Faire de ses chambres d’hôtes une activité à part entière qui permette de générer des revenus et d’en vivre, c’est la question que se posent de plus en plus de porteurs de projet. Traditionnellement, la chambre d’hôtes, c’est une activité patrimoniale ou complémentaire. Cela permet de garder ou d’entretenir un beau bâtiment, cela permet à un des deux conjoints de se créer son activité pendant que l’autre garde son travail à l’extérieur et cela permet aussi à des agriculteurs d’avoir un complément de revenu.

Mais peut-on créer des chambres d’hôtes et en vivre ?

Je connais quelques loueurs qui vivent de leurs chambres d’hôtes, en revenu principal, donc sur le principe, c’est possible.
Maintenant, il faut raison garder. Si on veut générer des revenus suffisants pour vivre d’une activité, il faut se donner la peine d’appliquer les règles classiques de la création d’une entreprise pour se donner toutes les chances de réussir et cela vaut aussi pour la création de vos chambres d’hôtes. Il va falloir entre autres faire une étude de marché, mettre au point un budget, savoir comment on va communiquer et se faire connaître, quel sera son statut juridique, et ses options fiscales.

Pour dégager un revenu, il faut appliquer les règles de création d’un commerce

Ensuite, on va appliquer  les trois premières règles du commerce : l’emplacement, l’emplacement et l’emplacement.
Et oui, si  vous voulez vivre de vos chambres d’hôtes, il faudra plus que la pleine saison touristique. Il faudra que les chambres d’hôtes soient occupées toute l’année et tous les territoires ne le permettront pas. Une belle maison ne suffit pas, l’endroit où elle est située est primordial, et quelques kilomètres font la différence. L’étude de marché permettra de regarder comment travaillent les autres hébergements touristiques marchands et le taux d’occupation moyen espéré.

L’achat de la maison en elle-même peut aussi être un piège. Son poids financier, à l’achat avec remboursement du prêt ou en coût d’entretien peuvent plomber un budget. Si ouvrir l’hiver coûte plus cher que les chambres d’hôtes ne rapportent, cela risque d’être très rapidement la fin de l’histoire.
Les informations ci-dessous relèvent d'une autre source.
(* Consider timing binary modulation with $T_b=1/R$: a transmitter molecule released at $s\in\{0,T_b/2\}$ (equiprobable bits) arrives at $s+t(r_\ell)$; let $z=z_{T_b/2}$ be the number of interfering molecules arriving in $[0,T_b/2]$, independent of $s$ and of $t(r_\ell)$, with mean $\mu$ and variance $\sigma^2>0$. For an integer $n\ge0$, the receiver decides $s=0$ iff the $(n+1)$th arriving molecule (counting interfering molecules and the transmitter's molecule) arrives no later than $T_b/2$. Let $\hat P_{b,\ell}=\frac12\Pr\{t(r_\ell)>T_b/2\}$ and assume $\hat P_{b,\ell}<\frac12$. Then the bit error rate is exactly $$P^\star_{b,\ell}(n)=\hat P_{b,\ell}\Pr\{z=n\}+\tfrac12\big(1-\Pr\{z=n\}\big).$$ If $\Pr\{z=n\}$ is replaced by the continuity-corrected Gaussian approximation $\Pr\{n-\tfrac12<Z<n+\tfrac12\}$ with $Z\sim\mathcal{N}(\mu,\sigma^2)$, the resulting expression, viewed as a function of real $n$, is minimized at $n=\mu$, with minimum value $$\frac12\Big[1+\big(2\hat P_{b,\ell}-1\big)\Big(1-2Q\Big(\frac{1}{2\sigma}\Big)\Big)\Big].$$
   Context: $Q(x)=\frac{1}{\sqrt{2\pi}}\int_x^\infty e^{-u^2/2}du$ is the Gaussian tail function. $t(r_\ell)$ denotes the first passage time of the transmitter's molecule to the receiver, a positive random variable independent of $s$; with release time $T_b/2$ the molecule arrives strictly after $T_b/2$. *)

From Stdlib Require Import Reals Lra ClassicalEpsilon.
Open Scope R_scope.

(* Total definite integral: the Riemann integral of f on [a,b] when f is
   Riemann integrable there, 0 otherwise (the value is irrelevant then). *)
Definition RInt (f : R -> R) (a b : R) : R :=
  match excluded_middle_informative
          (exists v : R, exists pr : Riemann_integrable f a b, RiemannInt pr = v) with
  | left h => proj1_sig (constructive_indefinite_description _ h)
  | right _ => 0
  end.

Definition lim_at_infty (F : R -> R) (l : R) : Prop :=
  forall eps, 0 < eps -> exists B, forall b, B <= b -> Rabs (F b - l) < eps.

Definition std_gauss (u : R) : R := / sqrt (2 * PI) * exp (- (u ^ 2) / 2).

Definition Qfun (x : R) : R :=
  match excluded_middle_informative
          (exists l, lim_at_infty (fun b => RInt std_gauss x b) l) with
  | left h => proj1_sig (constructive_indefinite_description _ h)
  | right _ => 0
  end.

Definition normal_pdf (mu sigma x : R) : R :=
  / (sigma * sqrt (2 * PI)) * exp (- ((x - mu) ^ 2) / (2 * sigma ^ 2)).

Definition gauss_prob (mu sigma a b : R) : R := RInt (normal_pdf mu sigma) a b.

Definition ind (b : bool) : R := if b then 1 else 0.

(* Model of the timing-modulation receiver.
   z = number of interfering molecules in [0,Tb/2], with pmf pz, independent of
   s and of t(r_l).  q = Pr{t(r_l) > Tb/2}.  s uniform on {0, Tb/2}.
   Number of molecules arriving in [0,Tb/2]:
     s = 0    : z + 1[t <= Tb/2]
     s = Tb/2 : z        (transmitter molecule arrives strictly after Tb/2)
   Decide s = 0 iff the (n+1)th arrival is no later than Tb/2, i.e. iff the
   count in [0,Tb/2] is >= n+1.
   err_given_z n q k = Pr{error | z = k}. *)
Definition err_given_z (n : nat) (q : R) (k : nat) : R :=
  / 2 * ( q * ind (Nat.leb k n)                (* s=0, molecule late: count k *)
        + (1 - q) * ind (Nat.leb (S k) n) )    (* s=0, molecule on time: count k+1 *)
  + / 2 * ind (Nat.leb (S n) k).               (* s=Tb/2: count k, error iff k >= n+1 *)

Definition bit_error_rate (pz : nat -> R) (q : R) (n : nat) (v : R) : Prop :=
  infinite_sum (fun k => pz k * err_given_z n q k) v.

(* Given z = k, the number of molecules seen in [0, Tb/2] is k or k + 1 when s = 0 and k when
   s = Tb/2.  For k <> n the decision is therefore wrong for exactly one of the two symbols, while
   for k = n it is wrong only when s = 0 and the molecule is late; averaging over z gives the exact
   bit error rate.  The Gaussian surrogate equals 1/2 + (Phat - 1/2) Pr{x - 1/2 < Z < x + 1/2}, so
   for Phat < 1/2 it is minimal where a unit window carries the most normal mass, namely when it is
   centred at mu (the density decreases away from mu); that mass is 1 - 2 Q(1/(2 sigma)). *)

From Pilot Require Import Defs.
From Stdlib Require Import Reals Lra Lia ClassicalEpsilon.
From Coquelicot Require Coquelicot.
From mathcomp Require all_boot all_order all_algebra all_classical all_reals all_analysis.
From mathcomp Require Rstruct Rstruct_topology.
Open Scope R_scope.

Module GaussIntegral.
Import all_boot all_order all_algebra all_classical all_reals all_analysis.
Import Rstruct Rstruct_topology.
Import Order.TTheory GRing.Theory Num.Theory numFieldNormedType.Exports.
Local Open Scope classical_set_scope.
Local Open Scope ring_scope.

Lemma dnbhs_Rabs {x : R} {P : R -> Prop} : x^' P ->
  exists e : R, (0 < e)%coqR /\ forall y, y <> x -> (Rabs (y - x) < e)%coqR -> P y.
Proof.
move=> xP; have /nbhs_ballP[e /= e0 He] : nbhs x (fun y => y != x -> P y) := xP.
exists e; split; first exact/RltP.
move=> y yx /RltP ye; apply: He; last exact/eqP.
by rewrite /ball /= distrC -RabsE.
Qed.

Lemma derivable_pt_lim_derive1 {f : R -> R} {x : R} :
  derivable (f : R^o -> R^o) x 1 -> derivable_pt_lim f x (derive1 (f : R^o -> R^o) x).
Proof.
rewrite /derivable derive1E => /cvgrPdist_lt df eps /RltP eps0.
have [d [d0 Hd]] := dnbhs_Rabs (df eps eps0).
exists (mkposreal d d0) => h h0 hd.
have := Hd h h0; rewrite Rminus_0_r => /(_ hd) /RltP.
by rewrite -RabsE Rabs_minus_sym /derive /GRing.scale /= mulr1 (addrC h x) RdivE // mulrC.
Qed.

Lemma Ratan_atan (x : R) : Ratan.atan x = atan x.
Proof.
pose D y := (atan y - Ratan.atan y)%coqR.
have dD y : derivable_pt_lim D y 0.
  have [d1 d2] := is_derive1_atan y.
  have := derivable_pt_lim_minus _ _ _ _ _ (derivable_pt_lim_derive1 d1)
    (Ratan.derivable_pt_lim_atan y).
  by rewrite derive1E d2 RpowE RinvE RplusE RminusE subrr.
have := MVT.null_derivative_1 D (fun y => exist _ 0 (dD y)) (fun y => erefl) x 0.
by rewrite /D atan0 Ratan.atan_0 Rminus_0_r => /Rminus_diag_uniq.
Qed.

Lemma pi_PI : pi = PI :> R.
Proof.
have := @atan1 R; rewrite -Ratan_atan Ratan.atan_1 -(INRE 4) => h.
change (PI / 4 = pi * / INR 4)%coqR in h; simpl in h; lra.
Qed.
Enfin, il faudra peut-être redimensionner le projet, avec un gîte supplémentaire, une roulotte, une cabane dans les arbres  ou une yourte, la mise en place d’activités complémentaires comme des cours de cuisine, du bien-être, une épicerie de village… Il y a plein d’idées possibles.

Le nerf de la guerre en toute chose, c’est aussi la communication. Avoir les plus belles chambres d’hôtes si elles ne sont pas visibles, ne permettra pas de les remplir.
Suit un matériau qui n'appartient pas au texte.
(* Let $H$ be a separable Hilbert space, $0<p<1$, and $T$ any nonzero bounded linear operator on $H$. Then there exists a frame $\{f_n\}$ for $H$ such that $\{\langle Tf_n,f_n\rangle\}\notin\ell^p$.
   Context: A sequence $\{f_n\}$ in $H$ is a frame if there are constants $0<C_1\le C_2$ such that $C_1\|f\|^2\le\sum_n|\langle f,f_n\rangle|^2\le C_2\|f\|^2$ for all $f\in H$. *)

From Stdlib Require Import Reals Lra.
Open Scope R_scope.

Record Cplx := mkC { re : R; im : R }.
Definition Czero : Cplx := mkC 0 0.
Definition Cone : Cplx := mkC 1 0.
Definition Cadd (a b : Cplx) : Cplx := mkC (re a + re b) (im a + im b).
Definition Cmul (a b : Cplx) : Cplx :=
  mkC (re a * re b - im a * im b) (re a * im b + im a * re b).
Definition Cconj (a : Cplx) : Cplx := mkC (re a) (- im a).
Definition Cmod (a : Cplx) : R := sqrt (re a * re a + im a * im a).

(** Complex inner-product spaces (inner product linear in the first
    argument, conjugate-linear in the second). *)
Record InnerProductSpace := {
  carrier :> Type;
  vzero : carrier;
  vadd : carrier -> carrier -> carrier;
  vopp : carrier -> carrier;
  vscal : Cplx -> carrier -> carrier;
  inner : carrier -> carrier -> Cplx;
  vaddA : forall x y z, vadd x (vadd y z) = vadd (vadd x y) z;
  vaddC : forall x y, vadd x y = vadd y x;
  vadd0 : forall x, vadd x vzero = x;
  vaddN : forall x, vadd x (vopp x) = vzero;
  vscalA : forall a b x, vscal a (vscal b x) = vscal (Cmul a b) x;
  vscal1 : forall x, vscal Cone x = x;
  vscalDl : forall a b x, vscal (Cadd a b) x = vadd (vscal a x) (vscal b x);
  vscalDr : forall a x y, vscal a (vadd x y) = vadd (vscal a x) (vscal a y);
  inner_addl : forall x y z, inner (vadd x y) z = Cadd (inner x z) (inner y z);
  inner_scall : forall a x y, inner (vscal a x) y = Cmul a (inner x y);
  inner_conj : forall x y, inner y x = Cconj (inner x y);
  inner_pos : forall x, 0 <= re (inner x x);
  inner_def : forall x, re (inner x x) = 0 -> x = vzero
}.

Section HS.
Variable H : InnerProductSpace.

Definition vnorm (x : H) : R := sqrt (re (inner H x x)).
Definition vsub (x y : H) : H := vadd H x (vopp H y).

Definition complete : Prop :=
  forall u : nat -> H,
    (forall eps, eps > 0 -> exists N, forall m n, (m >= N)%nat -> (n >= N)%nat ->
        vnorm (vsub (u m) (u n)) < eps) ->
    exists l : H, forall eps, eps > 0 -> exists N, forall n, (n >= N)%nat ->
        vnorm (vsub (u n) l) < eps.

Definition separable : Prop :=
  exists d : nat -> H, forall x eps, eps > 0 -> exists n, vnorm (vsub x (d n)) < eps.

Definition bounded_linear (T : H -> H) : Prop :=
  (forall x y, T (vadd H x y) = vadd H (T x) (T y)) /\
  (forall a x, T (vscal H a x) = vscal H a (T x)) /\
  (exists M, forall x, vnorm (T x) <= M * vnorm x).

Definition is_frame (f : nat -> H) : Prop :=
  exists C1 C2, 0 < C1 /\ C1 <= C2 /\
    forall x : H, exists S,
      infinite_sum (fun n => (Cmod (inner H x (f n)))^2) S /\
      C1 * (vnorm x)^2 <= S /\ S <= C2 * (vnorm x)^2.
End HS.

(** t^p for t >= 0 (with 0^p = 0 for p > 0) *)
Definition rpow (t p : R) : R := if Rlt_dec 0 t then Rpower t p else 0.

Definition in_lp (p : R) (a : nat -> Cplx) : Prop :=
  exists S, infinite_sum (fun n => rpow (Cmod (a n)) p) S.

(* By polarization a nonzero T has a vector u with <T u, u> <> 0.
   Gram-Schmidt applied to u followed by a dense sequence of H gives an
   orthonormal sequence (e_k) (some e_k may vanish) with e_0 = u/|u| whose
   Bessel sums sum_{k<N} |<x, e_k>|^2 approximate |x|^2 from below.  Put
   r = 2^(-1/p) and t_k = r^j for 2^j <= k+1 < 2^(j+1).  Since 2r < 1,
   sum t_k <= 1/(1-2r), whereas t_k^p = 2^(-j) makes sum t_k^p diverge.
   The sequence f_(2k) = e_k, f_(2k+1) = sqrt(t_k) e_0 is a frame with
   bounds 1 and 1 + 1/(1-2r), and <T f_(2k+1), f_(2k+1)> = t_k <T e_0, e_0>,
   so the diagonal is not p-summable. *)

From Stdlib Require Import Reals Lra Lia Classical.
Open Scope R_scope.

Lemma Cplx_ext (a b : Cplx) : re a = re b -> im a = im b -> a = b.
Proof. destruct a, b; simpl; intros; subst; reflexivity. Qed.

Ltac cplx_eq := apply Cplx_ext; simpl; try ring; try lra.

Lemma Cmod_sq (z : Cplx) : Cmod z ^ 2 = re z * re z + im z * im z.
Proof. unfold Cmod. apply pow2_sqrt. nra. Qed.

Lemma Cmod_pos (z : Cplx) : z <> Czero -> 0 < Cmod z.
Proof.
  intros Hz. unfold Cmod. apply sqrt_lt_R0. destruct z as [a b]; simpl.
  destruct (Req_dec a 0), (Req_dec b 0); subst; try nra.
  exfalso; apply Hz; reflexivity.
Qed.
Dernier point pas politiquement correct en ces temps de manifestation !
Si l’aventure vous tente, soyez conscients que vous quittez le monde des trente-cinq heures pour rejoindre ceux qui les font deux fois par semaine, que vous oubliez les vacances pour vous consacrer à celles des autres, que vous passez dans le monde invisible de ceux qui travaillent beaucoup et plus encore, et avec le sourire parce que en plus vous avez choisi une activité d’accueil en chambres d’hôtes, qui repose sur votre envie de faire plaisir – même quand vous n’avez pas assez dormi.